Operation Manual
6:6
Lettertypen
Uw naaimachine kan hele reeksen letters en woorden naaien door
de lettertypen in de machine te gebruiken. Alle lettertypen bevatten
hoofdletters, speciale tekens en cijfers. De lettertypen Blokletters en
SchrijÁ etters bevatten ook kleine letters.

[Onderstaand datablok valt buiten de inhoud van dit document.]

Section InnerProductSpace.
Context {V : RealInnerProductSpace}.
Implicit Types x y z u v w : V.

Lemma vadd_cancel u v : vadd u v = u -> v = vzero.
Proof.
  intro H.
  assert (E : v = vadd v (vadd u (vopp u))) by (rewrite vadd_opp, vadd_0; auto).
  rewrite E, (vadd_assoc V), (vadd_comm V v u), H. apply vadd_opp.
Qed.

Lemma vopp_unique u v : vadd u v = vzero -> v = vopp u.
Proof.
  intro H.
  assert (E : v = vadd v (vadd u (vopp u))) by (rewrite vadd_opp, vadd_0; auto).
  rewrite E, (vadd_assoc V), (vadd_comm V v u), H, vadd_comm. apply vadd_0.
Qed.

Lemma vopp_vopp u : vopp (vopp u) = u.
Proof. symmetry. apply vopp_unique. rewrite vadd_comm. apply vadd_opp. Qed.

Lemma inner_add_r x y z : inner x (vadd y z) = inner x y + inner x z.
Proof. rewrite inner_sym, inner_add_l, (inner_sym V y), (inner_sym V z). reflexivity. Qed.

Lemma inner_scal_r a x y : inner x (vscal a y) = a * inner x y.
Proof. rewrite inner_sym, inner_scal_l, inner_sym. reflexivity. Qed.

Lemma inner_zero_l y : inner vzero y = 0.
Proof. assert (H := inner_add_l V vzero vzero y). rewrite vadd_0 in H. lra. Qed.

Lemma inner_zero_r y : inner y vzero = 0.
Proof. rewrite inner_sym. apply inner_zero_l. Qed.

Lemma inner_opp_l x y : inner (vopp x) y = - inner x y.
Proof.
  assert (H := inner_add_l V x (vopp x) y). rewrite vadd_opp, inner_zero_l in H. lra.
Qed.

Lemma inner_opp_r x y : inner x (vopp y) = - inner x y.
Proof. rewrite inner_sym, inner_opp_l, inner_sym. reflexivity. Qed.

Lemma inner_sub_l x y z : inner (vsub x y) z = inner x z - inner y z.
Proof. unfold vsub. rewrite inner_add_l, inner_opp_l. ring. Qed.

Lemma inner_sub_r x y z : inner z (vsub x y) = inner z x - inner z y.
Proof. unfold vsub. rewrite inner_add_r, inner_opp_r. ring. Qed.
Definition prod_integrand (R : realType) (dX : measure_display)
    (X : measurableType dX) (Y : Type) (AP Q : finType)
    (h : X -> Y) (L : Y -> {set AP}) (tau : Q -> {set AP} -> Q) (F : {set Q})
    (V : X -> Q -> R) (q : Q) (x' : X) : \bar R :=
  let q' := tau q (L (h x')) in (Num.max (indF F q' R) (V x' q'))%:E.

Definition Tnu (R : realType) (dX dU : measure_display)
    (X : measurableType dX) (U : measurableType dU) (Y : Type) (AP Q : finType)
    (t : R.-pker (X * U) ~> X) (h : X -> Y) (L : Y -> {set AP})
    (tau : Q -> {set AP} -> Q) (F : {set Q})
    (nu : X -> Q -> probability U R) (V : X -> Q -> R) (x : X) (q : Q) : \bar R :=
  (\int[nu x q]_u \int[t (x, u)]_x' prod_integrand h L tau F V q x')%E.

Definition Tstar (R : realType) (dX dU : measure_display)
    (X : measurableType dX) (U : measurableType dU) (Y : Type) (AP Q : finType)
    (t : R.-pker (X * U) ~> X) (h : X -> Y) (L : Y -> {set AP})
    (tau : Q -> {set AP} -> Q) (F : {set Q})
    (V : X -> Q -> R) (x : X) (q : Q) : \bar R :=
  ereal_sup [set Tnu t h L tau F nu V x q | nu in
                [set: X -> Q -> probability U R]].

Definition Neps (R : realType) (Y : Type) (dY : Y -> Y -> R) (eps : R) (y : Y)
  : set Y := [set y' | dY y' y <= eps].

Definition taubar (R : realType) (Y : Type) (dY : Y -> Y -> R) (eps : R)
    (AP Q : finType) (Xh : Type) (hh : Xh -> Y) (L : Y -> {set AP})
    (tau : Q -> {set AP} -> Q) (q : Q) (xh' : Xh) : set Q :=
  [set tau q a | a in L @` Neps dY eps (hh xh')].

Definition opt_integrand (R : realType) (dXh : measure_display)
    (Xh : measurableType dXh) (Y : Type) (dY : Y -> Y -> R) (eps : R)
    (AP Q : finType) (hh : Xh -> Y) (L : Y -> {set AP})
    (tau : Q -> {set AP} -> Q) (F : {set Q})
    (Vh : Xh -> Q -> R) (q : Q) (xh' : Xh) : \bar R :=
  ereal_sup [set (Num.max (indF F q' R) (Vh xh' q'))%:E | q' in
                taubar dY eps hh L tau q xh'].

Definition clamp01 (R : realType) (r : \bar R) : \bar R :=
  Order.min 1%E (Order.max 0%E r).

Definition Tstar_opt (R : realType) (dXh dUh : measure_display)
    (Xh : measurableType dXh) (Uh : measurableType dUh) (Y : Type)
    (dY : Y -> Y -> R) (eps delta : R) (AP Q : finType)
    (th : R.-pker (Xh * Uh) ~> Xh) (hh : Xh -> Y) (L : Y -> {set AP})
    (tau : Q -> {set AP} -> Q) (F : {set Q})
    (Vh : Xh -> Q -> R) (xh : Xh) (q : Q) : \bar R :=
  ereal_sup [set clamp01
                 ((\int[mu]_uh \int[th (xh, uh)]_xh'
                     opt_integrand dY eps hh L tau F Vh q xh') + delta%:E)%E
             | mu in [set: probability Uh R]].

De letterreeksen worden gemaakt in het lettertypenmenu en aan
het stekenreeksmenu toegevoegd. De lettertypen kunnen worden
gecombineerd met steken en permanent in het geheugen worden
opgeslagen.
Ook als u slechts één letter wilt naaien, moet deze worden toegevoegd
aan het stekenreeksmenu.
Let op: U moet alle lettertypen naaien met het IDT (Ingebouwd
Dubbel Transport) uitgeschakeld.
Functies in het letterreeksmenu
Standaard alfabet
Speciale tekens
Cijfers en speciale tekens
Shift Hiermee wisselt u tussen hoofd- en kleine letters.
Spatie
Grootte-instelling. Raak dit symbool aan en stel de lettergrootte
in door op de functieveldtoetsen te drukken (5).
Gum. Hiermee verwijdert u het geselecteerde teken uit het
invoerveld.
In een reeks opslaan. Hiermee voegt u de letterreeks toe aan
het stekenreeksmenu.
Spiegelen. Spiegelt een geselecteerd teken horizontaal.